The "fiscal compact" policy makers are calling for is happening by default, as an increasing number of countries give up sovereign control over their budgeting in return for funding from the IMF and Eurozone. Similarly, the path towards a "banking union" appears to be shaping up through bank bailouts, as countries asking for help will have to yield control over their banking system.
And while we have been bashing Spain, Germany is about to destroy the competitiveness of its banking system. In order to win the required 2/3rds majority in parliament to pass the "fiscal compact", the German government needs approval from the opposition. To get such approval, the Merkel government is proceeding with the introduction of a financial transaction tax. London, New York and Singapore ought to write thank you letters. It might be more prudent to let peripheral banks fail than to potentially jeopardize the long-term competitiveness of the Eurozone banking sector.

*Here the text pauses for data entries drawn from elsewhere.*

Lemma close_to_image_limit (x : nat -> X) z :
  (forall n, close_to_image (x n) (c ^ n) /\ T (x n) (x (S n))) ->
  fm_converges M x z -> forall s, 0 < s -> close_to_image z s.
Proof.
  intros Hx Hz s Hs.
  assert (Hiter : forall k, close_to_image z (c ^ k + s / 2)).
  { induction k as [|k IH]; [apply close_to_image_of_ge_1; simpl; lra|].
    assert (Hck : 0 < c ^ k) by (apply pow_lt; lra).
    replace (c ^ S k + s / 2) with (c * (c ^ k + s / 2) + (1 - c) * s / 2)
      by (simpl; field).
    apply (close_to_image_limit_step x); auto; nra. }
  destruct (pow_eventually_lt c (s / 2) Hc ltac:(lra)) as (N & HN).
  pose proof (HN N (le_n N)). pose proof (pow_lt c N ltac:(lra)).
  apply (close_to_image_mono z (c ^ N + s / 2)); auto; lra.
Qed.

End Kannan.

Theorem mainTheorem1 (X : Type) (M : X -> X -> R -> R) (star : R -> R -> R)
  (T : X -> X -> Prop) :
  inhabited X ->
  is_fuzzy_metric M star ->
  G_complete M ->
  (forall x, in_C0 M (T x)) ->
  kannan1 M T ->
  exists z, T z z.
Proof.
  intros [x0] HM HG HC (c & Hc & Hkannan).
  assert (Hne : forall x, exists y, T x y) by (intro x; apply HC).
  destruct (kannan_orbit X M star T c HM Hne Hc Hkannan x0) as (x & Hx).
  destruct (HG x) as (z & Hz).
  { apply (G_Cauchy_of_geometric X M star HM x c Hc). intro n; apply Hx. }
  exists z. apply (fm_compact_adherent X M star HM (T z) z (proj2 (HC z))).
  apply (close_to_image_limit X M star T c HM Hne Hc Hkannan x z); [|exact Hz].
  intro n; split; apply Hx.
Qed.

Unfortunately, with more centralized management through bailout regimes, the focus shifts from improving the local economy towards managing the bailout regime, trying to maximize the money that can be extracted from the rescue funds. Instead, common sense solutions should be a top priority. Since the Spanish banking bailout is the most recent example, let's ponder a few questions:
Why would you keep your money in a Spanish bank? In the U.S., some people put their money into community or other local banks, but many put their deposits with large, national banks. Similarly, why would you put your money into one of the Spanish cajas, even if well capitalized, when you can open up an account with Deutsche Bank? Could it be that the Spanish banking sector is too large? Could it be that, rather than propping up failed institutions, the government should focus on attracting capital from any institution that wants to come to Spain? Could it be that the focus should be on making Spain an attractive place to invest in?
Why do we have national bank regulators rather than a pan-European regulator? Well, in 2011, the European Banking Authority (EBA) was created. Yet, it's the national bank regulators that dictate how domestic banks are run. And guess what, national bank regulators declare domestic debt to be risk free, and as such, banks would typically not put capital aside against their own national debt. Banks are in the business of managing risk, but if they are told to classify something as risk-free that is clearly risky, they may be wise not to touch their own sovereign debt with a broomstick. Germany, the poster child in this crisis, is one of the countries that has historically been reluctant to yield power to Brussels (although they are portrayed as more pragmatic these days). We would shed no tears to see the German bank regulator BAFIN yield authority to the EBA. Remember when banks published their sovereign debt holdings last year at instructions of the EBA? Well, BAFIN wanted to give German banks a free pass. Fortunately, market forces prevailed (by selling German bank stocks and debt) and encouraged the voluntary publication of the data.
And why does the ECB not take a lead in creating a 'banking union' by converting national central banks to divisions of the ECB? Currently, when money flows from Spain to Germany, the Bank of Spain incurs a liability at the ECB; in return, the Bundesbank has a claim against the ECB. In a true currency union, such flows should not matter. Instead, a formerly cryptic measure, TARGET2, that measures such flows, is closely followed as an indicator of capital flight from the periphery. To eliminate the concern that a country's exit from the Eurozone could poke a major hole in the ECB's balance sheet, the ECB should merge the national central banks, turning them into ECB divisions.
Empower the people, not the bureaucrats. Policy makers must find a way for local governments to own their own problems. When things fail, local governments must be held accountable. It cannot be that the Dutch, Finns and Germans are blamed for the Greeks failing to meet their goals. Some claim this may only be achieved when countries have independent currencies. However, there might be a better way: ECB President Draghi has urged policy makers to clearly define roles, deadlines and conditions to be satisfied. Crises will happen periodically, but they are far less stressful if sound institutional processes are in place. The ire when things go wrong can then be directed at the party responsible. This is not rocket science, but sounds like common sense to us.
In our assessment, the euro has been mostly weak because of the utterly dysfunctional process. The good news may be that, in our assessment, this isn't a European crisis. The bad news is that, well, this is a global crisis. As such, should the process improve, the crisis may target other regions in the world. The U.K., the U.S., and Japan are some of the candidates. Unlike the Eurozone, the U.S. has a current account deficit; as such, the U.S. dollar may be far more vulnerable than the euro has been should the bond market ever be less forgiving about fiscal largess in the U.S. As we have argued for some time, there may not be such a thing as a safe asset and investors may want to take a diversified approach to something as mundane as cash.
As I am wrapping up this analysis, EU Commissioner Barroso is starting a more public campaign for a banking union, suggesting that the biggest banks across the EU submit themselves to a single cross-border supervisor. The Bundesbank is already pushing back, arguing this might equate to a back door Eurobonds.